The clinical application of the genome editing tools in biological therapy emerged as a natural wish to correct (treat) the genetic mistakes causing specific phenotypes. Over the last few decades, the interest in the DNA correction by molecular editing led to an increasing number of experimental studies designed to master genome editing. Although intensive work built a solid knowledge about mechanism of several major genome editing tools, the more challenging and less predictable part of research is manipulating the genome of live human cells where precise correction is preferred. To determine the possibilities of genome editing technologies in treating diseases and further developing “genome editing medication”, the understanding of existing biological therapy including genome editing tools, different approaches of making the DNA change as well as challenges of using genome editing in humans is required.

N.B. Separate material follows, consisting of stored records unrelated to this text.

Lemma Lclass_of_eq (a b : M) : Lrel M a b -> Lclass_of a = Lclass_of b.
Proof.
  intro H. apply Lclass_ext. simpl. intro y; split; intro H'.
  - exact (Lrel_trans M _ _ _ (Lrel_sym _ _ H) H').
  - exact (Lrel_trans M _ _ _ H H').
Qed.

Lemma Lrel_of_Lclass_of_eq (a b : M) : Lclass_of a = Lclass_of b -> Lrel M a b.
Proof.
  intro H. apply (f_equal (@proj1_sig _ _)) in H. simpl in H.
  rewrite H. apply Lrel_refl.
Qed.

Lemma Lact_Lclass_of_one (m : M) : Lact M (Lclass_of (mone M)) m = Lclass_of m.
Proof.
  apply Lclass_ext. intro y. simpl. unfold Lact_pred. simpl. split.
  - intros [x [H1 H2]]. apply (Lrel_trans M _ (mop M x m)); auto.
    pose proof (Lrel_rcong M (mone M) x m H1) as H3.
    rewrite mop_1l in H3. exact H3.
  - intro H. exists (mone M). rewrite mop_1l. split; [apply Lrel_refl | exact H].
Qed.

End LClasses.

Arguments Lclass_of {M}.

Definition mpow (M : Monoid) (z : M) (n : nat) : M :=
  Nat.iter n (fun x => mop M x z) (mone M).

Lemma act_mpow (M : Monoid) (Y : Type) (act : Y -> M -> Y) (y : Y) (z : M) n :
  is_right_action M Y act -> act y (mpow M z n) = Nat.iter n (fun y => act y z) y.
Proof.
  intros [H1 Hop]. induction n; simpl.
  - apply H1.
  - rewrite Hop. f_equal. exact IHn.
Qed.

Lemma Nat_divide_fact p n : 1 <= p <= n -> Nat.divide p (fact n).
Proof.
  induction n; intros H; [lia|].
  destruct (Nat.eq_dec p (S n)) as [->|Hne].
  - exists (fact n). simpl fact. lia.
  - change (fact (S n)) with (S n * fact n). apply Nat.divide_mul_r, IHn. lia.
Qed.

Lemma le_fact n : n <= fact n.
Proof. induction n; simpl; [lia|]. pose proof (lt_O_fact n). nia. Qed.

Section FiniteDynamics.

Variables (Y : Type) (l : list Y).
Hypothesis l_full : forall y, In y l.
Variables (g : Y -> Y) (y : Y).

Lemma iter_collision :
  exists i j, i < j <= length l /\ Nat.iter i g y = Nat.iter j g y.
Proof.
  set (orbit := map (fun i => Nat.iter i g y) (seq 0 (S (length l)))).
  assert (Horbit : ~ NoDup orbit).
  { intro Hnd. assert (Hlen : length orbit <= length l)
      by (apply (NoDup_incl_length Hnd); intros x _; apply l_full).
    unfold orbit in Hlen. rewrite length_map, length_seq in Hlen. lia. }
  rewrite (NoDup_nth orbit y) in Horbit.
  apply not_all_ex_not in Horbit as [i Horbit].
  apply not_all_ex_not in Horbit as [j Horbit].
  unfold orbit in Horbit. rewrite length_map, length_seq in Horbit.
  apply imply_to_and in Horbit as [Hi Horbit].
  apply imply_to_and in Horbit as [Hj Horbit].
  apply imply_to_and in Horbit as [Heq Hij].
  rewrite !(map_nth (fun i => Nat.iter i g y) _ 0), !seq_nth in Heq by lia.
  destruct (Nat.lt_gt_cases i j) as [[Hlt | Hgt] _]; [exact Hij | |].
  - exists i, j. split; [lia | exact Heq].
  - exists j, i. split; [lia | symmetry; exact Heq].
Qed.

Lemma iter_periodic i j :
  Nat.iter i g y = Nat.iter j g y -> i <= j ->
  forall q t, Nat.iter (t + q * (j - i) + i) g y = Nat.iter (t + i) g y.
Proof.
  intros Heq Hij q t. rewrite <- Nat.add_assoc, !(Nat.iter_add t). f_equal.
  induction q; [reflexivity|].
  replace (S q * (j - i) + i) with (q * (j - i) + j) by lia.
  rewrite Nat.iter_add, <- Heq, <- Nat.iter_add. exact IHq.
Qed.

Lemma iter_twice_fact :
  Nat.iter (2 * fact (length l)) g y = Nat.iter (fact (length l)) g y.
Proof.
  destruct iter_collision as [i [j [Hij Heq]]].
  destruct (Nat_divide_fact (j - i) (length l)) as [q Hq]; [lia|].
  pose proof (le_fact (length l)).
  replace (2 * fact (length l)) with (fact (length l) - i + q * (j - i) + i) by lia.
  rewrite iter_periodic by (auto || lia). f_equal. lia.
Qed.

End FiniteDynamics.

Lemma finite_action_mpow_fact (M : Monoid) (Y : Type) (act : Y -> M -> Y) (l : list Y) :
  (forall y, In y l) -> is_right_action M Y act ->
  forall y z, act y (mpow M z (2 * fact (length l))) = act y (mpow M z (fact (length l))).
Proof.
  intros Hl Hact y z. rewrite !act_mpow by exact Hact. apply iter_twice_fact, Hl.
Qed.

Open Scope Z_scope.

Section ZMod.

Variable p : positive.

Definition Zp := {z : Z | z mod Z.pos p = z}.

Definition Zp_of (z : Z) : Zp := exist _ (z mod Z.pos p) (Zmod_mod _ _).

Lemma Zp_ext (x y : Zp) : proj1_sig x = proj1_sig y -> x = y.
Proof.
  destruct x as [a pa], y as [b pb]; simpl; intros ->. f_equal. apply proof_irrelevance.
Qed.

Lemma Zp_of_val (x : Zp) : Zp_of (proj1_sig x) = x.
Proof. apply Zp_ext. exact (proj2_sig x). Qed.

Definition Zp_monoid : Monoid.
Proof.
  refine {| mcar := Zp; mop x y := Zp_of (proj1_sig x + proj1_sig y); mone := Zp_of 0 |};
    intros; simpl.
  - apply Zp_ext; simpl. rewrite Z.add_mod_idemp_l, Z.add_mod_idemp_r by lia.
    f_equal. ring.
  - apply Zp_of_val.
  - rewrite Zmod_0_l, Z.add_0_r. apply Zp_of_val.
Defined.

Lemma Zp_of_add (a b : Z) : Zp_of (a + b) = mop Zp_monoid (Zp_of a) (Zp_of b).
Proof. apply Zp_ext; simpl. apply Z.add_mod. lia. Qed.

Lemma Zp_finite : finite_type Zp_monoid.
Proof.
  exists (map (fun i => Zp_of (Z.of_nat i)) (seq 0 (Pos.to_nat p))).
  intros x. apply in_map_iff. exists (Z.to_nat (proj1_sig x)).
  pose proof (Z.mod_pos_bound (proj1_sig x) (Z.pos p) ltac:(lia)) as Hb.
  rewrite (proj2_sig x) in Hb. split.
  - rewrite Z2Nat.id by lia. apply Zp_of_val.
  - apply in_seq. lia.
Qed.

End ZMod.

Lemma Z_mod_separates (a b : Z) :
  a <> b -> a mod (Z.abs (a - b) + 1) <> b mod (Z.abs (a - b) + 1).
Proof.
  intros Hab Hmod. apply Z.cong_iff_0, Z.mod_divide in Hmod; [|lia].
  apply Znumtheory.Zdivide_bounds in Hmod; lia.
Qed.

(* [phi a N] is phi_N(a) = sum_(k <= N) a_k N!/k!, via Horner's scheme. *)
Fixpoint phi (a : nat -> Z) (N : nat) : Z :=
  match N with
  | O => a O
  | S N' => Z.of_nat (S N') * phi a N' + a (S N')
  end.

Definition supported_le (a : nat -> Z) (N : nat) : Prop :=
  forall k, (N < k)%nat -> a k = 0.

Lemma phi_ext a b N : (forall k, a k = b k) -> phi a N = phi b N.
Proof. intro H; induction N; cbn [phi]; rewrite ?IHN, H; reflexivity. Qed.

The development of biotherapy enables progress in genome editing

Stem cell therapy and antisense oligonucleotides

Stem cell therapy (bone marrow transplantation in the late 1960s and early 1970s) was the first step in the concept of treatment where damaged, pathological cells (or biomolecules) are replaced with healthy ones [5]. The main difficulty in this type of therapy is finding an HLA-matched donor for transplantation and the subsequent risk of organ/cells rejection. The advancement of technology encouraged scientists to think about personalized medicine. In the 1990s, the first gene therapy (Figure 1) was initiated to insert the gene encoding the protein into the cells of the person having hereditary health condition. Collection of patient’s hematopoietic progenitor (or stem) cells, insertion of a healthy gene copy using viral vectors into the collected stem cells, their differentiation and transfer to the patient’s body was performed [6]. After more than 20 years we have an increasing number of approved gene therapy treatments (namely, melanoma therapy [7], lipoprotein lipase deficiency therapy [8], Duchenne muscular dystrophy therapy (FDA release in 2020, https://www.fda.gov/news-events/press-announcements/fda-approves-targeted-treatment-rare-duchenne-muscular-dystrophy-mutation)).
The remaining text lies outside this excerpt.